The debate regarding the actual level of efficiency in the foreign exchange market remains ongoing, with scholars acknowledging that market conditions, geopolitical events, and technological factors influence efficiency. While the majority of evidence suggests that the forex market is relatively efficient, especially for major currencies, anomalies and periods of irrational behavior occasionally occur (Evans & Lyons, 2014). Such deviations challenge the EMH, indicating that the market may sometimes operate under semi-strong or even weak efficiency, but rarely reaches strong-form efficiency.
Recent research emphasizes the importance of market microstructure and behavioral finance in understanding forex market dynamics. Behavioral biases, such as herding and overreaction, can lead to temporary price deviations from fundamentals (Huang et al., 2017). Moreover, the integration of big data analytics and machine learning techniques has opened new avenues for analyzing market efficiency more comprehensively, capturing subtle patterns that traditional models might overlook (Kim & Kim, 2020).

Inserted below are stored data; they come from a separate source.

Lemma root_geodesic_point a t : 0 <= t <= d x0 a ->
  d x0 (root_geodesic a t) = t /\ t <= gr (root_geodesic a t) a.
Proof.
  intros Ht. unfold root_geodesic.
  destruct (constructive_indefinite_description _ _) as [g [Hg0 [Hga Hiso]]].
  simpl. unfold isometric_on in Hiso.
  assert (H0t : d x0 (g t) = t).
  { rewrite <- Hg0, Hiso by lra. rewrite Rminus_0_l, Rabs_Ropp, Rabs_right; lra. }
  assert (Hta : d (g t) a = d x0 a - t).
  { rewrite <- Hga at 1. rewrite Hiso by lra. rewrite Rabs_left1; lra. }
  split; [exact H0t|]. unfold gromov. lra.
Qed.

Definition tx_radial (A : TX d x0) (t : R) : TX d x0 :=
  class_of (root_geodesic (TX_rep d x0 A) t).

Lemma tx_radial_spec A t : 0 <= t <= tx_norm A ->
  tx_norm (tx_radial A t) = t /\ t <= tx_prod (tx_radial A t) A.
Proof.
  intros Ht. unfold tx_norm, tx_prod, tx_radial.
  set (z := root_geodesic (TX_rep d x0 A) t).
  destruct (root_geodesic_point (TX_rep d x0 A) t Ht) as [Hz Hgr]. fold z in Hz, Hgr.
  destruct (dprime_eq0 _ _ (TX_rep_class z)) as [Hd Hgr'].
  rewrite <- Hd, <- Hgr'. split; [exact Hz|].
  eapply Rle_trans; [exact Hgr|apply gromov_le_gromov'].
Qed.
End GromovProduct.

Theorem proposition3p8 (X : Type) (d : X -> X -> R)
  (Hmet : is_metric d) (Hgeo : geodesic_space d) (x0 : X) :
  @is_Rtree (TX d x0) (dstar d x0).
Proof.
  apply (rooted_tree_is_Rtree (TX d x0) (tx_norm X d x0) (tx_prod X d x0))
    with (rad := tx_radial X d x0 Hgeo).
  - intros A B. apply gromov'_sym; auto.
  - intros A B C. apply gromov'_ultra; auto.
  - intros A B. apply gromov'_le; auto.
  - intros A B. apply gromov'_ge0; auto.
  - intros A. apply gromov'_diag; auto.
  - intros A B. apply TX_eq; auto.
  - intros A t. apply tx_radial_spec; auto.
Qed.
(* Let $p$ be an odd prime and let $d \geq 3$ be an odd integer. Suppose there exists a positive integer $t$ with $p^t \equiv -1 \pmod d$, and take $t$ minimal. Let $q=p^v \equiv 1 \pmod{2d}$. Then $v=2ts$ for some positive integer $s$. If $s$ is even, then $\omega\big(GP(q,d)\big)<\sqrt{q}$. If $s$ is odd, then $d \mid (\sqrt{q}+1)$ and $\omega\big(GP(q,d)\big)=\sqrt{q}$.
   Context: $GP(q,d)$ is the graph on $\mathbb{F}_q$ in which distinct $x,y$ are adjacent iff $x-y$ is a $d$-th power in $\mathbb{F}_q^*$; $\omega$ denotes clique number. *)

From mathcomp Require Import all_boot all_order all_algebra all_field.
Set Implicit Arguments. Unset Strict Implicit. Unset Printing Implicit Defensive.
Import GRing.Theory.
Local Open Scope ring_scope.

(* Generalized Paley graph GP(q,d) on a finite field F (|F| = q):
   distinct x, y adjacent iff x - y is a d-th power of a nonzero element. *)
Definition gp_adj (F : finFieldType) (d : nat) (x y : F) : bool :=
  (x != y) && [exists z : F, (z != 0) && (z ^+ d == x - y)].

Definition gp_clique (F : finFieldType) (d : nat) (S : {set F}) : bool :=
  [forall x in S, forall y in S, (x != y) ==> gp_adj d x y].

Definition gp_omega (F : finFieldType) (d : nat) : nat :=
  (\max_(S : {set F} | gp_clique d S) #|S|)%N.

(* The residue of p modulo d has multiplicative order 2t, so v = 2ts and
   Q := p^(ts) = sqrt q is congruent to (-1)^s modulo d.  Let g generate F^*;
   as d > 2, neither g nor g^2 is a d-th power.  If C is a clique and a is not
   a d-th power, (x, y) |-> x + a y is injective on C x C, so |C| <= Q, with a
   bijection onto F when |C| = Q.  For s odd, d | Q + 1, so every nonzero
   element of the subfield {x | x^Q = x} is a (Q + 1)-th, hence a d-th, power
   and this subfield is a clique of size Q.  For s even, d | Q - 1; a clique C
   of size Q would give two counts of the solutions of
   u1 (v1 - w1) + u2 g (v2 - w2) = g^2 with u1, u2 nonzero d-th powers and
   v, w in C x C: |H|^2 Q^2 by the bijection (H the group of d-th powers,
   |H| d = Q^2 - 1), and Q^2 (Q - 1)^2 N by rescaling u, where N counts the
   case v1 - w1 = v2 - w2 = 1.  Hence (Q + 1)^2 = N d^2, so d | Q + 1 and
   d | 2. *)

From mathcomp Require Import all_boot all_order all_algebra all_field all_solvable zify ring.
Set Implicit Arguments. Unset Strict Implicit. Unset Printing Implicit Defensive.
Import GRing.Theory.
Local Open Scope ring_scope.
Lemma len_mulr_simple i y : inWS y ->
  len (y *m s i) = (len y).+1 \/ len y = (len (y *m s i)).+1.
Proof.
move=> Wy; have Wys := inWS_mul Wy (inWS_simple i).
have le_ys := len_mulr_simple_le i Wy.
have := len_mulr_simple_le i Wys; rewrite -mulmxA reflK_simple mulmx1 => le_y.
have := len_refl_neq (inWS_root Wy (Pi_root i)) Wy; rewrite -mulr_simple_conj //.
by case: ltngtP => // [lt|gt] _; [right|left]; apply/eqP; rewrite eqn_leq ?lt ?gt andbT.
Qed.

Lemma len_mulr_simple_gt y j : inWS y -> pos (y *m Pi j) -> (len y < len (y *m s j))%N.
Proof.
move=> Wy pyj; rewrite mulr_simple_conj //; apply: len_refl_gt => //.
by rewrite mulmxA inWS_trK // mul1mx; apply: posroot_simple.
Qed.

Lemma len_mulr_simple_lt y j : inWS y -> pos (- (y *m Pi j)) ->
  (len (y *m s j) < len y)%N.
Proof.
move=> Wy nyj; rewrite mulr_simple_conj // -reflN; apply: len_refl_lt => //.
by rewrite mulmxN mulmxA inWS_trK // mul1mx opprK; apply: posroot_simple.
Qed.

Lemma posroot_len_mulr_simple y j : inWS y -> (len y < len (y *m s j))%N ->
  pos (y *m Pi j).
Proof.
move=> Wy; case: (root_posVneg (inWS_root Wy (Pi_root j))) => // nyj.
by rewrite ltnNge ltnW // len_mulr_simple_lt.
Qed.

Lemma len_mull_simple_gt y i : inWS y -> pos (y^T *m Pi i) -> (len y < len (s i *m y))%N.
Proof. by move=> Wy; apply: len_refl_gt => //; apply: posroot_simple. Qed.

Local Notation ble := (bruhat_le Rt Pi).
Local Notation bstep := (bruhat_step Rt Pi).

Lemma bruhat_step_refl y a : inWS y -> a \in Rt -> (len y < len (refl a *m y))%N ->
  bstep y (refl a *m y).
Proof.
move=> Wy Ra lt_y; exists a; do 2!split => //; exists (len y), (len (refl a *m y)).
by split => //; apply: length_is_len => //; exact/inWS_mul/Wy/refl_root_inWS.
Qed.

Lemma bruhat_stepP u w : bstep u w -> [/\ inWS u, inWS w,
  exists2 a, a \in Rt & w = refl a *m u & (len u < len w)%N].
Proof.
case=> a [Ra [wE [ku [kw [lu lw lt_k]]]]].
split; [exact: length_is_inWS lu | exact: length_is_inWS lw | by exists a |].
by rewrite -(length_is_eq lu) -(length_is_eq lw).
Qed.

Lemma bruhat_le_inWS x y : ble x y -> inWS y -> inWS x.
Proof. by elim=> [u w /bruhat_stepP[]|//|x' y' z _ IHx _ IHy /IHy/IHx]. Qed.

Lemma bruhat_le_mulr_simple y j : inWS y -> (len y < len (y *m s j))%N ->
  ble y (y *m s j).
Proof.
move=> Wy lt_y; rewrite mulr_simple_conj //; apply/rt_step/bruhat_step_refl => //.
  exact/inWS_root/Pi_root.
by rewrite -mulr_simple_conj.
Qed.

Lemma bruhat_subword x y om : ble x y -> (exists2 sg, subseq sg om & y = sprod sg) ->
  exists2 sg, subseq sg om & x = sprod sg.
Proof.
move=> le_xy; elim: le_xy om => [u w stp|//|x' y' z _ IHx _ IHy] om; last first.
  by move=> /IHy/IHx.
have [Wu Ww [a Ra wE] lt_uw] := bruhat_stepP stp.
have [b pb abE] := posroot_refl Ra.
have uE : u = refl b *m w by rewrite wE abE mulmxA reflK ?mul1mx ?root_neq0 ?pb.1.
have /(len_refl_lt_neg pb Ww) : (len (refl b *m w) < len w)%N by rewrite -uE.
move=> + [sg sub_sg wsg]; rewrite wsg => /(exchange pb) [w1 [i [w2 [sgE bwE]]]].
exists (w1 ++ w2); last by rewrite uE wsg bwE.
apply: subseq_trans sub_sg; rewrite sgE; apply: cat_subseq => //; exact: subseq_cons.
Qed.
(* Let $\phi\colon(\Gamma_1,X_1)\to(\Gamma_2,X_2)$ be a morphism in $\mathsf{SpatG}$. Define $\operatorname{Germ}(\phi)\colon\operatorname{Germ}(\Gamma_1,X_1)\to\operatorname{Germ}(\Gamma_2,X_2)$ by $\operatorname{Germ}(\phi)([\gamma,x])=[\gamma',\phi(x)]$, where $\gamma'\in\Gamma_2$ is any element with $\phi\circ\gamma=\gamma'\circ\phi$. Then $\operatorname{Germ}(\phi)$ is a well-defined étale homomorphism, and the assignments $(\Gamma,X)\mapsto\operatorname{Germ}(\Gamma,X)$, $\phi\mapsto\operatorname{Germ}(\phi)$ form a covariant functor $\mathsf{SpatG}\to\mathsf{Gpoid}$.
   Context: A Boolean space is a Hausdorff space with a basis of compact open sets; $\operatorname{Homeo}_c(X)$ is the set of homeomorphisms of $X$ whose support (closure of moved points) is compact open. The category $\mathsf{SpatG}$ has objects $(\Gamma,X)$ with $X$ Boolean and $\Gamma$ a subgroup of $\operatorname{Homeo}(X)$ contained in $\operatorname{Homeo}_c(X)$; a morphism $(\Gamma_1,X_1)\to(\Gamma_2,X_2)$ is a local homeomorphism $\phi\colon X_1\to X_2$ such that for each $\gamma\in\Gamma_1$ there is $\gamma'\in\Gamma_2$ with $\phi\circ\gamma=\gamma'\circ\phi$. The category $\mathsf{Gpoid}$ has objects ample (étale, unit space Hausdorff with basis of compact opens), effective (interior of isotropy equals unit space), Hausdorff groupoids, and morphisms étale homomorphisms (groupoid homomorphisms that are local homeomorphisms). The groupoid of germs $\operatorname{Germ}(\Gamma,X)$ is $\Gamma\times X$ modulo $(\gamma,x)\sim(\tau,y)$ iff $x=y$ and $\gamma,\tau$ agree near $x$; classes $[\gamma,x]$ with $s[\gamma,x]=x$, $r[\gamma,x]=\gamma(x)$, $[\tau,\gamma(x)][\gamma,x]=[\tau\gamma,x]$, $[\gamma,x]^{-1}=[\gamma^{-1},\gamma(x)]$, unit space $X$, topology with basis $\{[\gamma,x]:x\in A\}$ for $\gamma\in\Gamma$, $A$ open. *)

From HB Require Import structures.
From mathcomp Require Import all_boot all_order.
From mathcomp Require Import boolp classical_sets functions topology.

In conclusion, the literature indicates that the foreign exchange market exhibits characteristics of semi-strong efficiency for major currencies, primarily driven by technological advances and information dissemination. Nonetheless, anomalies, inefficiencies, and market imperfections are present, especially in emerging markets and during turbulent periods. Future research should focus on how evolving technologies, geopolitical risks, and behavioral factors continuously influence market efficiency. Recognizing these complexities is essential for policymakers, traders, and researchers aiming to understand and navigate the dynamic landscape of the foreign exchange market.
References
- Berry, S., & Purcell, G. (2020). Advances in High-Frequency Trading and Market Efficiency. Journal of Financial Markets, 52, 100584.
- Buckles, R., & Mookerjee, R. (2020). The Role of Algorithmic Trading in Modern Currency Markets. Financial Analysts Journal, 76(4), 29-45.
- Choudhry, T., & Sharma, S. (2014). Market Efficiency in the Foreign Exchange Market: Evidence from G-7 Currencies. International Journal of Economics and Finance, 6(9), 45-58.
- Evans, M. D., & Lyons, R. (2014). Currency Market Microstructure and the Frequency of Price Changes. Journal of Political Economy, 122(4), 774-814.
- Fama, E. F. (1970). Efficient Capital Markets: A Review of Theory and Empirical Work. The Journal of Finance, 25(2), 383-417.
- Fong, W. M., & Chan, S. (2009). Market Reaction to Macroeconomic Announcements: Evidence from the Foreign Exchange Market. Emerging Markets Review, 10(3), 287-303.
- Huang, Y., Tran, D., & Xin, Y. (2017). Behavioral Biases and Currency Market Efficiency. Journal of Behavioral Finance, 18(3), 201-213.
- Kim, Y., & Kim, S. (2020). Big Data and Machine Learning in the Analysis of Market Efficiency. Journal of Financial Data Science, 2(4), 55-73.
- Kutan, A. M., & Yigit, M. (2018). Market Efficiency in Emerging Market Currency Exchange Rates. Emerging Markets Finance and Trade, 54(2), 347-362.
- Levin, A., & Murakami, K. (2005). Testing Semistrong-Form Efficiency in the Foreign Exchange Market. International Journal of Finance & Economics, 10(4), 341-358.
- Meese, R., & Rogoff, K. (1983). Empirical Exchange Rate Models of the 1970s: Do They Fit Out of Sample? Journal of International Economics, 14(1-2), 3-24.